Не скажу, чтобы впечатление от этого эпизода было в моей душе прочно и сильно; это была точно легкая тень от облака, быстро тающего в ясный солнечный день. И если я все-таки отмечаю здесь это ощущение, то не потому, что оно было сильно… Но оно было в известном тоне, и этой душевной нотке суждено было впоследствии зазвучать гораздо глубже и сильнее. Вскоре другие лица и другие впечатления совершенно закрыли самое воспоминание о маленькой еврейской принцессе.
Рядом с нашим двором, отделенный только низеньким заборчиком, стоял дом «городничего» Дембицкого. Это был последний на моей памяти представитель городнического звания, так как эта должность вскоре была совершенно упразднена. Дембицкий был человек необыкновенно толстый; в парадных случаях он надевал фрачный мундир, какой теперь можно видеть только в театре, когда дают «Ревизора», высокие сапоги с лакированными голенищами и треуголку. У этого мастодонта была дочка одного со мной возраста, веселая и очень бойкая. У нее были прекрасные большие серые глаза, вздернутый носик и слишком большие губы, всегда готовые к улыбке. Она, в сущности, была некрасива, и я отлично заметил это. Но было в ее лице что-то открытое, доброе, веселое и привлекательное. Она то и дело влетала к нам, хватала сестру, отводила куда-нибудь в сторону, и здесь у них начинались хохот, «секреты», какие-то символические знаки и недомолвки, имевшие явною целью заинтересовать нас, «мальчиков», если мы были поблизости. Мне она нравилась, между прочим, и тем, что первая стала называть меня по имени-отчеству, как взрослая девица взрослого кавалера. Ко мне она тоже благоволила и в «фантах» — когда приходилось, целовала без жеманства и несколько охотнее, чем это делается в игре «по приговору». Все это затрагивало меня гораздо сильнее, чем встреча с Итой, тон был другой: веселый, светлый, холодноватый, как лимонное мороженое в жаркий день. Мне опять казалось, что я немного влюблен, и опять я скоро увидел, что ошибался.
Однажды я, задумавшись, шел по двору, когда Маня Дембицкая окликнула меня по имени-отчеству.
— Вот это хорошо. Идет и не кланяется.
Я хотел ответить, по обыкновению, шуткой, но увидел, что она не одна. За низким заборчиком виднелись головы еще двух девочек. Одна — ровесница Дембицкой, другая — поменьше. Последняя простодушно и с любопытством смотрела на меня. Старшая, как мне показалось, гордо отвернула голову.
— Позвольте вас познакомить, — полушутливо, полусерьезно продолжала Дембицкая. — Мои подруги Линдгорст.

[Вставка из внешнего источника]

(* For every $n\ge 5$, the sensitivity to synchronism of elementary cellular automaton rule $8$ satisfies $\mu(f_{8,n})=\dfrac{\phi^{2n}+\phi^{-2n}-2^n}{3^n-2^{n+1}+2}$, where $\phi=\frac{1+\sqrt5}{2}$ is the golden ratio.
   Context: Cells are indexed by $\mathbb{Z}_n=\{0,\dots,n-1\}$, indices modulo $n$. Rule $8$ has local rule $r_8(x_1,x_2,x_3)=\neg x_1\wedge x_2\wedge x_3$ and global function $f_{8,n}(x)_i=r_8(x_{i-1},x_i,x_{i+1})$. An update schedule is an ordered partition $\Delta=(\Delta_1,\dots,\Delta_k)$ of $\mathbb{Z}_n$ into nonempty blocks; $\mathcal{P}_n$ is the set of them. For a block $B$ let $f^{(B)}(x)_i=f_{8,n}(x)_i$ if $i\in B$ and $x_i$ otherwise; $f^{(\Delta)}_{8,n}=f^{(\Delta_k)}\circ\cdots\circ f^{(\Delta_1)}$. The dynamics of $\Delta$ is the transition digraph with arcs $(x,f^{(\Delta)}_{8,n}(x))$; $\mathcal{D}(f_{8,n})$ is the set of distinct dynamics over $\Delta\in\mathcal{P}_n$. The sensitivity to synchronism is $\mu(f_{8,n})=|\mathcal{D}(f_{8,n})|/(3^n-2^{n+1}+2)$. *)

From HB Require Import structures.
From mathcomp Require Import all_boot all_order all_algebra.
From mathcomp Require Import boolp reals.
Set Implicit Arguments. Unset Strict Implicit. Unset Printing Implicit Defensive.
Import Order.TTheory GRing.Theory Num.Theory.

Definition config (n : nat) := {ffun 'I_n -> bool}.

Definition r8 (x1 x2 x3 : bool) : bool := ~~ x1 && x2 && x3.

Definition f8 (n : nat) (x : config n) : config n :=
  [ffun i => r8 (x (ord_pred i)) (x i) (x (ordS i))].

Definition fblock (n : nat) (B : {set 'I_n}) (x : config n) : config n :=
  [ffun i => if i \in B then f8 x i else x i].

Definition fsched (n : nat) (D : seq {set 'I_n}) (x : config n) : config n :=
  foldl (fun y B => fblock B y) x D.

Definition is_update_schedule (n : nat) (D : seq {set 'I_n}) : Prop :=
  all (fun B => B != set0) D /\ forall i : 'I_n, count (fun B : {set 'I_n} => i \in B) D = 1%N.

(* the dynamics (transition digraph x -> f^{(Delta)}(x)), represented by its
   (functional) arc map *)
Definition dynamics (n : nat) (D : seq {set 'I_n}) :
  {ffun config n -> config n} := [ffun x => fsched D x].

Definition dyn_set (n : nat) : {set {ffun config n -> config n}} :=
  [set F | `[< exists D : seq {set 'I_n}, is_update_schedule D /\ F = dynamics D >]].

Definition mu8 (R : realType) (n : nat) : R :=
  (#|dyn_set n|%:R / ((3%:R : R) ^+ n - (2%:R : R) ^+ n.+1 + 2%:R))%R.

Definition golden (R : realType) : R := ((1 + Num.sqrt (5%:R : R)) / 2%:R)%R.

From HB Require Import structures.
From mathcomp Require Import all_boot all_order all_algebra.
From mathcomp Require Import boolp reals.
From mathcomp Require Import zify ring.
Import Order.TTheory GRing.Theory Num.Theory.
Set Implicit Arguments. Unset Strict Implicit. Unset Printing Implicit Defensive.
(* Let $f(t)\in\mathcal{O}_{\mathbb{C}_p}[[t]]$ be a power series with $f(0)\in E_p$ and $f'(0)\in U_1$. Then there is a unique $\phi\in C(\mathbb{Z}_p,\mathbb{C}_p)$ such that, as formal power series, $$\exp(f(0))\exp\big(f(t)-f(0)\big)=\sum_{n=0}^\infty\phi(n)\frac{t^n}{n!}\;(=A(\phi)).$$
   Context: Fix a prime $p$; $\mathbb{C}_p$ is the completion of an algebraic closure of $\mathbb{Q}_p$ with $|p|=1/p$. $\mathcal{O}_{\mathbb{C}_p}=\{x\in\mathbb{C}_p:|x|\le1\}$, $U_1=\{x\in\mathbb{C}_p:|x-1|<1\}$, and $E_p=\{x\in\mathbb{C}_p:|x|<p^{-1/(p-1)}\}$, the domain of convergence of the exponential series $\exp$. Since $f(t)-f(0)$ has no constant term, $\exp(f(t)-f(0))$ is a well-defined formal power series. $C(\mathbb{Z}_p,\mathbb{C}_p)$ is the space of continuous functions $\mathbb{Z}_p\to\mathbb{C}_p$, and for such $\phi$, $A(\phi)=\sum_{n\ge0}\phi(n)t^n/n!$. *)

From HB Require Import structures.
From mathcomp Require Import all_boot all_order all_algebra.
From mathcomp Require Import reals exp.
Set Implicit Arguments. Unset Strict Implicit. Unset Printing Implicit Defensive.
Import Order.TTheory GRing.Theory Num.Theory.
Local Open Scope ring_scope.

Section Defs.
Variables (R : realType) (K : fieldType) (abs : K -> R).

Definition is_lim (u : nat -> K) (l : K) : Prop :=
  forall eps : R, 0 < eps -> exists N : nat, forall n : nat, (N <= n)%N -> abs (u n - l) < eps.

Definition is_cauchy (u : nat -> K) : Prop :=
  forall eps : R, 0 < eps -> exists N : nat,
    forall m n : nat, (N <= m)%N -> (N <= n)%N -> abs (u m - u n) < eps.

Я вежливо приподнял фуражку. Мне нравилась эта церемония представления, кажется, тоже первая в моей жизни. Я на время остановился у забора, и мы обменялись с Дембицкой несколькими шутками. Младшая Линдгорст простодушно смеялась. Старшая держалась в стороне, и опять как-то гордо. Когда она повернула голову, что-то в ее красивом профиле показалось мне знакомо. Прямой нос, слегка выдавшаяся нижняя губа… Точно у Васиной Иты? Нет, та была гораздо смуглее, но красивее и приятнее…
— Как вам понравилась Лена? — лукаво спросила у меня Дембицкая при первой нашей встрече.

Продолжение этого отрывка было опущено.